------ Record extracts

(* There is a polynomial $\mathit{pol}$, independent of $\langle\mathcal{I},\eta\rangle$ (depending only on the fixed database schema), such that if a database with integrity constraints $\langle\mathcal{I},\eta\rangle$ (in the setting described below) is consistent, then it has a possible world $V$ with $\mathit{size}(V)=O(\mathit{pol}(\mathit{size}(\mathcal{I})+\mathit{size}(\eta)))$.
   Context: Constants: $\mathit{Dom}=\{\bot,1,2,\dots\}$ with $\bot$ the null value, $\mathit{Dom}_d=\{1,2,\dots\}$ (integers written in binary/decimal); the only built-in relations are $=$ and $\le$. The set of base predicate symbols (number and arities) is fixed. $\mathit{size}(\cdot)$ is the size of the representation. Facts are ground atoms; definite facts contain no $\bot$. For tuples, $t\preceq t'$ if each $t_i=t'_i$ or $t_i=\bot$; $a\approx b$ if some $s$ has $a\preceq s,b\preceq s$. For a set $S$ of facts: $S^\Downarrow=\{a:\exists b\in S,a\preceq b\}$, $S^\Uparrow=\{a:\exists b\in S,b\preceq a\}$, $S^\approx=\{a:\exists b\in S,b\approx a\}$, $S^\sim=S^\approx\setminus S^\Downarrow$. A database is $\mathcal{I}=\langle D,E\rangle$, $D,E$ finite sets of base facts; $\mathcal{I}_t=D^\Downarrow$, $\mathcal{I}_u=D^\sim\setminus E^\Uparrow$; a possible world of $\mathcal{I}$ is a set $W$ of definite facts with $\mathcal{I}_t\subseteq W^\Downarrow$ and $W\subseteq\mathcal{I}_t\cup\mathcal{I}_u$. Integrity constraints have the form $\exists X\,\forall Y\,(A_1\wedge\dots\wedge A_k\rightarrow B_1\vee\dots\vee B_m)$, atoms without $\bot$ over base and built-in predicates, every variable in $X\cup Y$ and occurring in some base-predicate $A_i$. A possible world of $\langle\mathcal{I},\eta\rangle$ is a possible world of $\mathcal{I}$ satisfying every constraint of $\eta$ (as an interpretation with domain $\mathit{Dom}_d$); $\langle\mathcal{I},\eta\rangle$ is consistent if one exists. *)

From Stdlib Require List.
From mathcomp Require Import all_boot.
Set Implicit Arguments. Unset Strict Implicit. Unset Printing Implicit Defensive.

(** Constants: Dom = nat, where 0 encodes the null value ⊥ and every
    n > 0 is the integer n (Dom_d = positive nats). *)
Definition null : nat := 0.

(** Schema: [np] base predicate symbols 0..np-1, with arity [ar p]. *)

Definition fact := (nat * seq nat)%type.

Definition wf_fact (np : nat) (ar : nat -> nat) (f : fact) : Prop :=
  f.1 < np /\ size f.2 = ar f.1.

------------

Repeat each entry above, keeping every word exact.

Problem solution -
(* There is a polynomial $\mathit{pol}$, independent of $\langle\mathcal{I},\eta\rangle$ (depending only on the fixed database schema), such that if a database with integrity constraints $\langle\mathcal{I},\eta\rangle$ (in the setting described below) is consistent, then it has a possible world $V$ with $\mathit{size}(V)=O(\mathit{pol}(\mathit{size}(\mathcal{I})+\mathit{size}(\eta)))$.
   Context: Constants: $\mathit{Dom}=\{\bot,1,2,\dots\}$ with $\bot$ the null value, $\mathit{Dom}_d=\{1,2,\dots\}$ (integers written in binary/decimal); the only built-in relations are $=$ and $\le$. The set of base predicate symbols (number and arities) is fixed. $\mathit{size}(\cdot)$ is the size of the representation. Facts are ground atoms; definite facts contain no $\bot$. For tuples, $t\preceq t'$ if each $t_i=t'_i$ or $t_i=\bot$; $a\approx b$ if some $s$ has $a\preceq s,b\preceq s$. For a set $S$ of facts: $S^\Downarrow=\{a:\exists b\in S,a\preceq b\}$, $S^\Uparrow=\{a:\exists b\in S,b\preceq a\}$, $S^\approx=\{a:\exists b\in S,b\approx a\}$, $S^\sim=S^\approx\setminus S^\Downarrow$. A database is $\mathcal{I}=\langle D,E\rangle$, $D,E$ finite sets of base facts; $\mathcal{I}_t=D^\Downarrow$, $\mathcal{I}_u=D^\sim\setminus E^\Uparrow$; a possible world of $\mathcal{I}$ is a set $W$ of definite facts with $\mathcal{I}_t\subseteq W^\Downarrow$ and $W\subseteq\mathcal{I}_t\cup\mathcal{I}_u$. Integrity constraints have the form $\exists X\,\forall Y\,(A_1\wedge\dots\wedge A_k\rightarrow B_1\vee\dots\vee B_m)$, atoms without $\bot$ over base and built-in predicates, every variable in $X\cup Y$ and occurring in some base-predicate $A_i$. A possible world of $\langle\mathcal{I},\eta\rangle$ is a possible world of $\mathcal{I}$ satisfying every constraint of $\eta$ (as an interpretation with domain $\mathit{Dom}_d$); $\langle\mathcal{I},\eta\rangle$ is consistent if one exists. *)

From Stdlib Require List.
From mathcomp Require Import all_boot.
Set Implicit Arguments. Unset Strict Implicit. Unset Printing Implicit Defensive.

(** Constants: Dom = nat, where 0 encodes the null value ⊥ and every
    n > 0 is the integer n (Dom_d = positive nats). *)
Definition null : nat := 0.

(** Schema: [np] base predicate symbols 0..np-1, with arity [ar p]. *)

Definition fact := (nat * seq nat)%type.

Definition wf_fact (np : nat) (ar : nat -> nat) (f : fact) : Prop :=
  f.1 < np /\ size f.2 = ar f.1.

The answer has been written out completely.